From the regression output above, we can see some predictors getting large coefficients, while others recieve coefficients on a smaller scale.

Implementing the LASSO

The work required to construct a LASSO model is nearly identical. We simply use mixture = 1 in the model specification to signal that we want to use the LASSO constraint instead of the ridge constraint.

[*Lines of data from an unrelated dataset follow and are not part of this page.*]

(* Let $\Omega=(a_1,b_1)\times\cdots\times(a_n,b_n)\subset\mathbb{R}^n$ be a bounded box. There is a constant $C_P(\Omega)$, independent of the admissible mesh size vector $h$, such that $\|u\|_{L^2}\le C_P(\Omega)\|u\|_D$ for all $u\in W_0^{1,2}(\overline{\Omega}_h)$. Moreover $$\frac{1}{\lambda_{1,h}}\le C_P(\Omega)^2\le\frac{1}{4n^2}\sum_{i=1}^n(b_i-a_i)^2,$$ where the lower bound is optimal (for fixed $h$ the smallest admissible constant $C$ satisfies $C^2=1/\lambda_{1,h}$).
   Context: Admissible mesh: $h_i>0$, $a_i=k_ih_i$, $b_i=l_ih_i$, $k_i,l_i\in\mathbb{Z}$, $l_i-k_i>1$; $\mathbb{R}^n_h=\{(h_1z_1,\dots,h_nz_n):z_i\in\mathbb{Z}\}$, $\overline{\Omega}_h=\overline{\Omega}\cap\mathbb{R}^n_h$, $\partial\Omega_h=\partial\Omega\cap\mathbb{R}^n_h$, $\partial_i^+\Omega_h=\partial\Omega_h\cap\{x_i=b_i\}$, $\mathbf{h}=h_1\cdots h_n$, $D_i^+u(x)=(u(x+h_ie_i)-u(x))/h_i$. $\|u\|_{L^2}^2=\sum_{x\in\overline{\Omega}_h}|u(x)|^2\mathbf{h}$, $\|u\|_D^2=\sum_{i=1}^n\sum_{x\in\overline{\Omega}_h\setminus\partial_i^+\Omega_h}|D_i^+u(x)|^2\mathbf{h}$. $W_0^{1,2}(\overline{\Omega}_h)$ is the set of $u:\overline{\Omega}_h\to\mathbb{R}$ with $u=0$ on $\partial\Omega_h$. $\lambda_{1,h}=\sum_{i=1}^n\frac{4}{h_i^2}\sin^2\big(\frac{\pi h_i}{2(b_i-a_i)}\big)$ is the first Dirichlet eigenvalue of $-\Delta_h$, $\Delta_hu(x)=\sum_i\frac{u(x+h_ie_i)-2u(x)+u(x-h_ie_i)}{h_i^2}$. *)

From mathcomp Require Import all_boot all_order all_algebra.
From mathcomp Require Import all_classical all_reals all_analysis.
Set Implicit Arguments.
Unset Strict Implicit.
Unset Printing Implicit Defensive.
Import Order.TTheory GRing.Theory Num.Theory.
Local Open Scope ring_scope.

(* Box Omega = prod_i (a_i, b_i); mesh h with a_i = k_i h_i, b_i = l_i h_i.
   Grid points of closure(Omega)_h are x = (h_1 z_1, ..., h_n z_n) with
   z : 'I_n -> int, k_i <= z_i <= l_i. *)

Definition admissible (R : realType) (n : nat) (a b h : 'I_n -> R)
    (k l : 'I_n -> int) : Prop :=
  forall i : 'I_n, 0 < h i /\ a i = (k i)%:~R * h i /\ b i = (l i)%:~R * h i
                   /\ 1 < l i - k i.

Definition gpt (R : realType) (n : nat) (h : 'I_n -> R) (z : 'I_n -> int)
  : 'rV[R]_n := \row_i (h i * (z i)%:~R).

Definition in_box (n : nat) (k l : 'I_n -> int) (z : 'I_n -> int) : Prop :=
  forall i, k i <= z i <= l i.

Definition on_bdry (n : nat) (k l : 'I_n -> int) (z : 'I_n -> int) : bool :=
  [exists i, (z i == k i) || (z i == l i)].

Definition gbound (n : nat) (k l : 'I_n -> int) : nat :=
  (\max_(i < n) `|l i - k i|)%N.

(* sum of F z over all integer vectors z with k_i <= z_i <= l_i (each once) *)
Definition gridsum (R : realType) (n : nat) (k l : 'I_n -> int)
    (F : ('I_n -> int) -> R) : R :=
  \sum_(j : {ffun 'I_n -> 'I_(gbound k l).+1}
         | [forall i, k i + Posz (j i) <= l i])
     F (fun i => k i + Posz (j i)).

Definition hprod (R : realType) (n : nat) (h : 'I_n -> R) : R :=
  \prod_(i < n) h i.

Definition Dplus (R : realType) (n : nat) (h : 'I_n -> R) (i : 'I_n)
    (u : 'rV[R]_n -> R) (x : 'rV[R]_n) : R :=
  (u (x + h i *: delta_mx 0 i) - u x) / h i.

Definition W0 (R : realType) (n : nat) (h : 'I_n -> R) (k l : 'I_n -> int)
    (u : 'rV[R]_n -> R) : Prop :=
  forall z, in_box k l z -> on_bdry k l z -> u (gpt h z) = 0.

Definition L2sq (R : realType) (n : nat) (h : 'I_n -> R) (k l : 'I_n -> int)
    (u : 'rV[R]_n -> R) : R :=
  gridsum k l (fun z => u (gpt h z) ^+ 2 * hprod h).

(* inner sum over closure(Omega)_h minus d_i^+ Omega_h, i.e. z_i <> l_i *)
Definition Dsq (R : realType) (n : nat) (h : 'I_n -> R) (k l : 'I_n -> int)
    (u : 'rV[R]_n -> R) : R :=
  \sum_(i < n) gridsum k l (fun z =>
     if z i != l i then Dplus h i u (gpt h z) ^+ 2 * hprod h else 0).

Definition L2norm (R : realType) (n : nat) (h : 'I_n -> R) (k l : 'I_n -> int)
    (u : 'rV[R]_n -> R) : R := Num.sqrt (L2sq h k l u).

Definition Dnorm (R : realType) (n : nat) (h : 'I_n -> R) (k l : 'I_n -> int)
    (u : 'rV[R]_n -> R) : R := Num.sqrt (Dsq h k l u).

Definition lambda1 (R : realType) (n : nat) (a b h : 'I_n -> R) : R :=
  \sum_(i < n) 4 / h i ^+ 2 * sin (pi * h i / (2 * (b i - a i))) ^+ 2.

lasso_reg_spec <- linear_reg(mixture = 1, penalty = 1e4) %>%
  set_engine("glmnet")

lasso_reg_wf <- workflow() %>%
 add_model(lasso_reg_spec) %>%
 add_recipe(reg_rec)

lasso_reg_cv <- lasso_reg_wf %>%
  fit_resamples(ames_folds)

lasso_reg_cv %>%
  collect_metrics() %>%
  kable() %>%
  kable_styling(bootstrap_options = c("striped", "hover"))
.metric .estimator mean n std_err .config
rmse standard 39400.740143 5 3246.8426135 Preprocessor1_Model1
rsq standard 0.797465 5 0.0229212 Preprocessor1_Model1
lasso_reg_cv %>%
  collect_metrics(summarize = FALSE) %>%
  kable() %>%
  kable_styling(bootstrap_options = c("striped", "hover"))
id .metric .estimator .estimate .config
Fold1 rmse standard 48609.2138434 Preprocessor1_Model1
Fold1 rsq standard 0.7762703 Preprocessor1_Model1
Fold2 rmse standard 42312.8702790 Preprocessor1_Model1
Fold2 rsq standard 0.7742343 Preprocessor1_Model1
Fold3 rmse standard 31940.0083101 Preprocessor1_Model1
Fold3 rsq standard 0.8491859 Preprocessor1_Model1
Fold4 rmse standard 42122.7110247 Preprocessor1_Model1
Fold4 rsq standard 0.7354344 Preprocessor1_Model1
Fold5 rmse standard 32018.8972595 Preprocessor1_Model1
Fold5 rsq standard 0.8522000 Preprocessor1_Model1
lasso_reg_fit <- lasso_reg_wf %>%
  fit(ames_train)

lasso_reg_fit %>%
  tidy() %>%
  filter(estimate != 0) %>%
  kable() %>%
  kable_styling(bootstrap_options = c("striped", "hover"))
term estimate penalty
(Intercept) 184321.933009 10000
Year_Built 7211.041919 10000
Year_Remod_Add 4892.535342 10000
Mas_Vnr_Area 2528.604376 10000
Total_Bsmt_SF 11760.066322 10000
Gr_Liv_Area 25031.362051 10000
Fireplaces 3468.087043 10000
Garage_Cars 7144.990272 10000
Garage_Area 3629.553856 10000
Neighborhood_Northridge_Heights 15138.287188 10000
Overall_Qual_Very_Good 1102.160399 10000
Overall_Qual_other 20288.292906 10000
Exter_Qual_Typical -10032.425048 10000
Bsmt_Exposure_Gd 8094.334611 10000
BsmtFin_Type_1_GLQ 5624.878842 10000
Kitchen_Qual_Typical -4541.882839 10000
Fireplace_Qu_No_Fireplace -4.359246 10000

We can see in the LASSO model that many of the predictors were assigned coefficients of \(0\). The LASSO procedure identified that those predictors weren’t worth “buying”, so it left them out and only included the most useful predictors!

Summary

In this notebook, we introduced two new regression models: Ridge Regression and the LASSO. These models are of the familiar form \(\mathbb{E}\left[y\right] = \beta_0 + \beta_1 x_1 + \beta_2 x_2 + \cdots + \beta_k x_k\), but are fit using a constrained optimization procedure rather than ordinary least squares. When we implement Ridge and the LASSO, we are reducing the likelihood that the resulting model is overfit. With these models, however, we must remember that all numerical predictors need to be scaled and no missing data can be present in the training data.